- Directions:
Each line of the data below containing "Prop" needs to be listed.

Stored items
(* Let $d\in D^\times$ with $\rho(d)=d$, and let $F'\subseteq D$ be a subfield containing $F$, fixed pointwise by $\rho$, such that $F[d]|F$ and $F'|F$ are $F$-isomorphic. Then there is $g\in D^\times$ with $gF[d]\rho(g)=F'$. Moreover, if $d\notin F$, every $g\in D^\times$ with $gF[d]g^{-1}=F'$ satisfies $gF[d]\rho(g)=F'$.
   Context: $F$ is a non-archimedean local field of odd residue characteristic. $D$ is a non-split quaternion division algebra with centre $F$, and $\rho$ is an orthogonal anti-involution of $D$ (an $F$-linear involutive anti-automorphism with $3$-dimensional fixed space). *)

From HB Require Import structures.
From mathcomp Require Import all_boot all_order all_algebra all_field.
Set Implicit Arguments. Unset Strict Implicit. Unset Printing Implicit Defensive.
Import Order.TTheory GRing.Theory Num.Theory.
Local Open Scope ring_scope.

(* ---------- Non-archimedean local fields, via a normalized discrete valuation.
   v x is only meaningful for x != 0 (v 0 is junk). *)
Definition discrete_valuation (F : fieldType) (v : F -> int) : Prop :=
  [/\ forall x y : F, x != 0 -> y != 0 -> v (x * y) = v x + v y,
      forall x y : F, x != 0 -> y != 0 -> x + y != 0 ->
         (v x <= v (x + y)) || (v y <= v (x + y))
    & exists pi : F, pi != 0 /\ v pi = 1].

Definition in_valring (F : fieldType) (v : F -> int) (x : F) : Prop :=
  x = 0 \/ 0 <= v x.
Definition in_maxideal (F : fieldType) (v : F -> int) (x : F) : Prop :=
  x = 0 \/ 0 < v x.

Definition v_complete (F : fieldType) (v : F -> int) : Prop :=
  forall u : nat -> F,
    (forall N : int, exists n0 : nat, forall m n : nat, (n0 <= m)%N -> (n0 <= n)%N ->
        u m - u n = 0 \/ N <= v (u m - u n)) ->
    exists l : F, forall N : int, exists n0 : nat, forall n : nat, (n0 <= n)%N ->
        u n - l = 0 \/ N <= v (u n - l).

Definition finite_residue_field (F : fieldType) (v : F -> int) : Prop :=
  exists s : seq F, (forall r, r \in s -> in_valring v r) /\
    forall x, in_valring v x -> exists2 r, r \in s & in_maxideal v (x - r).

Definition nonarch_local_field (F : fieldType) (v : F -> int) : Prop :=
  [/\ discrete_valuation v, v_complete v & finite_residue_field v].

Definition odd_residue_char (F : fieldType) (v : F -> int) : Prop :=
  ~ in_maxideal v (2%:R : F).

Definition quaternion_division_algebra (F : fieldType) (D : falgType F) : Prop :=
  [/\ \dim {: D} = 4%N,
      (forall x : D, x != 0 -> x \is a GRing.unit)
    & forall z : D, (forall x : D, z * x = x * z) -> z \in (1%VS : {vspace D})].

Definition orthogonal_anti_involution (F : fieldType) (D : falgType F)
    (rho : 'End(D)) : Prop :=
  [/\ forall x y : D, rho (x * y) = rho y * rho x,
      forall x : D, rho (rho x) = x
    & \dim (fixedSpace rho) = 3%N].

Definition is_subfield (F : fieldType) (D : falgType F) (K : {vspace D}) : Prop :=
  [/\ (1 : D) \in K,
      forall x y : D, x \in K -> y \in K -> x * y \in K,
      forall x y : D, x \in K -> y \in K -> x * y = y * x
    & forall x : D, x \in K -> x != 0 -> x \is a GRing.unit /\ x^-1 \in K].

Definition F_isomorphic (F : fieldType) (D : falgType F) (E K : {vspace D}) : Prop :=
  exists f : 'End(D), [/\ ahom_in E f, {in E &, injective f} & (f @: E)%VS = K].

Definition twisted_eq (F : fieldType) (D : falgType F) (g h : D) (E K : {vspace D}) : Prop :=
  forall y : D, y \in K <-> exists2 x : D, x \in E & y = g * x * h.

From HB Require Import structures.
From mathcomp Require Import all_boot all_order all_algebra all_field.
Set Implicit Arguments. Unset Strict Implicit. Unset Printing Implicit Defensive.
Import GRing.Theory.
Local Open Scope ring_scope.

(* Write K = F[d].  If d is in F, take g = 1.  Otherwise the minimal polynomial
   X^2 - bX - a of d over F is also that of e = f d, where f : K -> F' is the
   given F-isomorphism, and x |-> e x + x d - b x maps D into the intertwiners
   {g | e g = g d}; as d is not central, this map is nonzero, so some unit g
   conjugates K onto F' (Skolem-Noether for quadratic subfields).  Finally, if
   g K g^-1 = F' is fixed by rho then c = rho(g) g centralises d, and in a
   quaternion algebra the centraliser of a non-central d is K itself; hence
   rho(g) = c g^-1 with c in K^x, and g K rho(g) = g K g^-1 = F'. *)

Section AntiInvolution.

Variables (R : unitRingType) (rho : R -> R).
Hypotheses (rhoM : forall x y, rho (x * y) = rho y * rho x) (rhoK : involutive rho).

Lemma anti_involution1 : rho 1 = 1.
Proof. by have := rhoM (rho 1) 1; rewrite mulr1 rhoK mulr1. Qed.

Lemma anti_involution_unit g : g \is a GRing.unit -> rho g \is a GRing.unit.
Proof.
move=> Ug; apply/unitrP; exists (rho g^-1).
by rewrite -!rhoM mulVr ?mulrV ?anti_involution1.
Qed.

Lemma anti_involutionV g : g \is a GRing.unit -> rho g^-1 = (rho g)^-1.
Proof.
move=> Ug; apply: (mulrI (anti_involution_unit Ug)).
by rewrite -rhoM mulVr ?mulrV ?anti_involution_unit ?anti_involution1.
Qed.

End AntiInvolution.

Section Falgebra.

Variables (F : fieldType) (D : falgType F).
Implicit Types (d e g h c : D) (K E : {vspace D}).

Lemma dim_add1_line d : d \notin (1%VS : {vspace D}) -> \dim (1 + <[d]>) = 2.
Proof.
move=> d1; apply/eqP; rewrite eqn_leq; apply/andP; split.
  by rewrite (leq_trans (dimv_add_leqif _ _)) // dimv1 dim_vline; case: (d != 0).
have [le1 eq1] := dimv_leqif_eq (addvSl 1 <[d]>).
rewrite dimv1 in le1 eq1; rewrite ltn_neqAle le1 andbT eq1.
by apply: contra d1 => /eqP ->; rewrite memvE addvSr.
Qed.

Lemma adjoin1_sub_cent1 d : (<<1; d>> <= 'C[d])%VS.
Proof.
apply: agenv_sub_modl; first by rewrite -memvE cent1v1.
by apply: prodv_sub; rewrite // subv_add -!memvE cent1v1 cent1v_id.
Qed.

Lemma adjoin1_line1 d : d \in (1%VS : {vspace D}) -> <<1; d>>%VS = 1%VS.
Proof.
move=> d1; apply/eqP; rewrite eqEsubv sub1_agenv andbT.
by apply: agenv_sub_modl; rewrite // prodv1 subv_add subvv -memvE.
Qed.

Lemma twisted_eq_img g h E (f : 'End(D)) :
  {in E, forall x, g * x * h = f x} -> twisted_eq g h E (f @: E).
Proof.
move=> gEh y; split; first by case/memv_imgP=> x Ex ->; exists x; rewrite ?gEh.
by case=> x Ex ->; rewrite gEh ?memv_img.
Qed.

Lemma twisted_eq_mulr (K : {aspace D}) E g h c :
  c \in K -> c \is a GRing.unit ->
  twisted_eq g h K E -> twisted_eq g (c * h) K E.
Proof.
move=> Kc Uc gKh y; split.
  case/gKh=> x Kx ->; exists (x * c^-1); first by rewrite memvM ?memvV.
  by rewrite -!mulrA mulKr.
by case=> x Kx ->; apply/gKh; exists (x * c); rewrite ?memvM // !mulrA.
Qed.

Lemma intertwine_same_quadratic d e x (a b : F) :
  d * d = a *: 1 + b *: d -> e * e = a *: 1 + b *: e ->
  e * (e * x + x * d - b *: x) = (e * x + x * d - b *: x) * d.
Proof.
move=> dd ee; rewrite mulrBr mulrDr mulrA ee mulrBl mulrDl mulrDl -(mulrA x d d) dd.
rewrite mulrDr mulr_algl mulr_algr -!scalerAl -!scalerAr !mulrA.
by rewrite addrA addrK (addrAC (a *: x)) addrK addrC.
Qed.

End Falgebra.

Section Quaternion.

Variables (F : fieldType) (D : falgType F).
Hypothesis hD : quaternion_division_algebra D.
Implicit Types (d e g c : D).

Lemma quaternion_field_axiom : GRing.field_axiom D.
Proof. by case: hD. Qed.

Lemma quaternion_noncentral d :
  d \notin (1%VS : {vspace D}) -> exists x, x * d != d * x.
Proof.
case: hD => _ _ central d1.
have /subvPn[x _ Cx] : ~~ (fullv <= 'C[d])%VS.
  apply: contra d1 => /subvP Cd; apply: central => x.
  by have /cent1vP-> := Cd x (memvf x).
by exists x; apply: contra Cx => /eqP/cent1vP.
Qed.

Lemma dim_cent1_le2 d : d \notin (1%VS : {vspace D}) -> (\dim 'C[d] <= 2)%N.
Proof.
case: (hD) => dimD _ central d1.
have CD4 : (\dim 'C[d] %| 4)%N.
  by rewrite -dimD (@skew_field_dimS _ _ quaternion_field_axiom _ (aspacef D)) ?subvf.
have CD_neq4 : \dim 'C[d] != 4%N.
  apply: contra d1 => /eqP CD; apply: central => x; apply/esym/cent1vP.
  have /eqP -> : ('C[d] == fullv)%VS by rewrite eqEdim subvf CD dimD.
  exact: memvf.
have : (\dim 'C[d] <= 4)%N by rewrite -dimD dimvS ?subvf.
by move: CD4 CD_neq4; case: (\dim _) => [|[|[|[|[|]]]]].
Qed.

Lemma cent1_adjoin1 d : d \notin (1%VS : {vspace D}) ->
  'C[d]%VS = (1 + <[d]>)%VS /\ <<1; d>>%VS = (1 + <[d]>)%VS.
Proof.
move=> d1; have sLK := sub_agenv (1 + <[d]>)%VS.
have sKC := adjoin1_sub_cent1 d.
have CL : 'C[d]%VS = (1 + <[d]>)%VS.
  apply/eqP; rewrite eq_sym eqEdim (subv_trans sLK sKC) dim_add1_line //.
  exact: dim_cent1_le2.
by split=> //; apply/eqP; rewrite eqEsubv sLK andbT (subv_trans sKC) // CL.
Qed.

Lemma commute_adjoin1 d c : d \notin (1%VS : {vspace D}) ->
  c * d = d * c -> c \in <<1; d>>%VS.
Proof. by move=> d1 /cent1vP; case: (cent1_adjoin1 d1) => -> ->. Qed.

Lemma exists_intertwiner d e (a b : F) : d \notin (1%VS : {vspace D}) ->
  d * d = a *: 1 + b *: d -> e * e = a *: 1 + b *: e ->
  exists2 g, g \is a GRing.unit & e * g = g * d.
Proof.
move=> d1 dd ee; pose t x := e * x + x * d - b *: x.
suff [x tx_neq0] : exists x, t x != 0.
  exists (t x); first exact: quaternion_field_axiom.
  exact: (intertwine_same_quadratic x dd ee).
have [x0 x0d] := quaternion_noncentral d1.
have [t1 | t1] := eqVneq (t 1) 0; last by exists 1.
(* t 1 = 0 means e = b - d, so that t x0 is the commutator of x0 and d *)
suff tx0 : t x0 = x0 * d - d * x0 by exists x0; rewrite tx0 subr_eq0.
rewrite -[t x0]subr0 -(mul0r x0) -t1 /t mulr1 mul1r !mulrBl !mulrDl -scalerAl.
by rewrite mul1r opprB addrA addrNK opprD addrA (addrAC (e * x0)) subrr add0r.
Qed.

Lemma skolem_noether_adjoin1 d (f : 'End(D)) : d \notin (1%VS : {vspace D}) ->
  ahom_in <<1; d>>%VS f ->
  exists2 g, g \is a GRing.unit & {in <<1; d>>%VS, forall x, g * x * g^-1 = f x}.
Proof.
move=> d1 /ahom_inP[fM f1]; have [_ K_eq] := cent1_adjoin1 d1.
have Kd : d \in <<1; d>>%VS := memv_adjoin _ _.
have /memv_addP[_ /vlineP[a ->] [_ /vlineP[b ->] dd]] : d * d \in (1 + <[d]>)%VS.
  by rewrite -K_eq memvM.
have ee : f d * f d = a *: 1 + b *: f d by rewrite -fM // dd linearD !linearZ /= f1.
have [g Ug gd] := exists_intertwiner d1 dd ee.
exists g => //; rewrite K_eq => _ /memv_addP[_ /vlineP[k ->] [_ /vlineP[l ->] ->]].
rewrite linearD !linearZ /= f1 mulrDr mulrDl -!scalerAr -!scalerAl mulr1 divrr //.
by rewrite -gd mulrK.
Qed.

Variable rho : 'End(D).
Hypothesis hrho : orthogonal_anti_involution rho.

Lemma conj_twisted_rho d (F' : {vspace D}) g :
  d \notin (1%VS : {vspace D}) -> rho d = d -> {in F', forall x, rho x = x} ->
  g \is a GRing.unit -> twisted_eq g g^-1 <<1; d>>%VS F' ->
  twisted_eq g (rho g) <<1; d>>%VS F'.
Proof.
case: hrho => rhoM rhoK _ d1 rhod fixF' Ug gKg.
have Urg := anti_involution_unit rhoM rhoK Ug.
have F'gdg : g * d * g^-1 \in F' by apply/gKg; exists d; rewrite ?memv_adjoin.
have c_d : rho g * g * d = d * (rho g * g).
  have := fixF' _ F'gdg; rewrite !rhoM rhod (anti_involutionV rhoM rhoK Ug) => e.
  by rewrite mulrA -[d * rho g](mulVKr Urg) e !mulrA divrK.
rewrite -[rho g](mulrK Ug).
apply: twisted_eq_mulr gKg; first exact: commute_adjoin1.
by rewrite unitrMr.
Qed.

End Quaternion.

Theorem lemma2p2 (F : fieldType) (v : F -> int) (D : falgType F) (rho : 'End(D))
    (hF : nonarch_local_field v) (hodd : odd_residue_char v)
    (hD : quaternion_division_algebra D) (hrho : orthogonal_anti_involution rho)
    (d : D) (hdu : d \is a GRing.unit) (hdrho : rho d = d)
    (F' : {vspace D}) (hF' : is_subfield F')
    (hF'rho : forall x : D, x \in F' -> rho x = x)
    (hiso : F_isomorphic <<1%VS; d>>%VS F') :
  (exists2 g : D, g \is a GRing.unit & twisted_eq g (rho g) <<1%VS; d>>%VS F') /\
  (d \notin (1%VS : {vspace D}) ->
     forall g : D, g \is a GRing.unit ->
       twisted_eq g g^-1 <<1%VS; d>>%VS F' ->
       twisted_eq g (rho g) <<1%VS; d>>%VS F').
Proof.
split; last by move=> d1 g; apply: conj_twisted_rho.
have [f [fhom _ fK]] := hiso.
have [d1 | d1] := boolP (d \in (1%VS : {vspace D})).
  have [rhoM rhoK _] := hrho; have [_ f1] := ahom_inP fhom.
  exists 1; rewrite ?unitr1 // anti_involution1 // -fK; apply: twisted_eq_img.
  by rewrite adjoin1_line1 // => _ /vlineP[k ->]; rewrite mul1r mulr1 linearZ /= f1.
have [g Ug gKg] := skolem_noether_adjoin1 hD d1 fhom.
by exists g => //; apply: conj_twisted_rho => //; rewrite -fK; apply: twisted_eq_img.
Qed.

- Result:
Definition discrete_valuation (F : fieldType) (v : F -> int) : Prop :=
Definition in_valring (F : fieldType) (v : F -> int) (x : F) : Prop :=
Definition in_maxideal (F : fieldType) (v : F -> int) (x : F) : Prop :=
Definition v_complete (F : fieldType) (v : F -> int) : Prop :=
Definition finite_residue_field (F : fieldType) (v : F -> int) : Prop :=
Definition nonarch_local_field (F : fieldType) (v : F -> int) : Prop :=
Definition odd_residue_char (F : fieldType) (v : F -> int) : Prop :=
Definition quaternion_division_algebra (F : fieldType) (D : falgType F) : Prop :=
    (rho : 'End(D)) : Prop :=
Definition is_subfield (F : fieldType) (D : falgType F) (K : {vspace D}) : Prop :=
Definition F_isomorphic (F : fieldType) (D : falgType F) (E K : {vspace D}) : Prop :=
Definition twisted_eq (F : fieldType) (D : falgType F) (g h : D) (E K : {vspace D}) : Prop :=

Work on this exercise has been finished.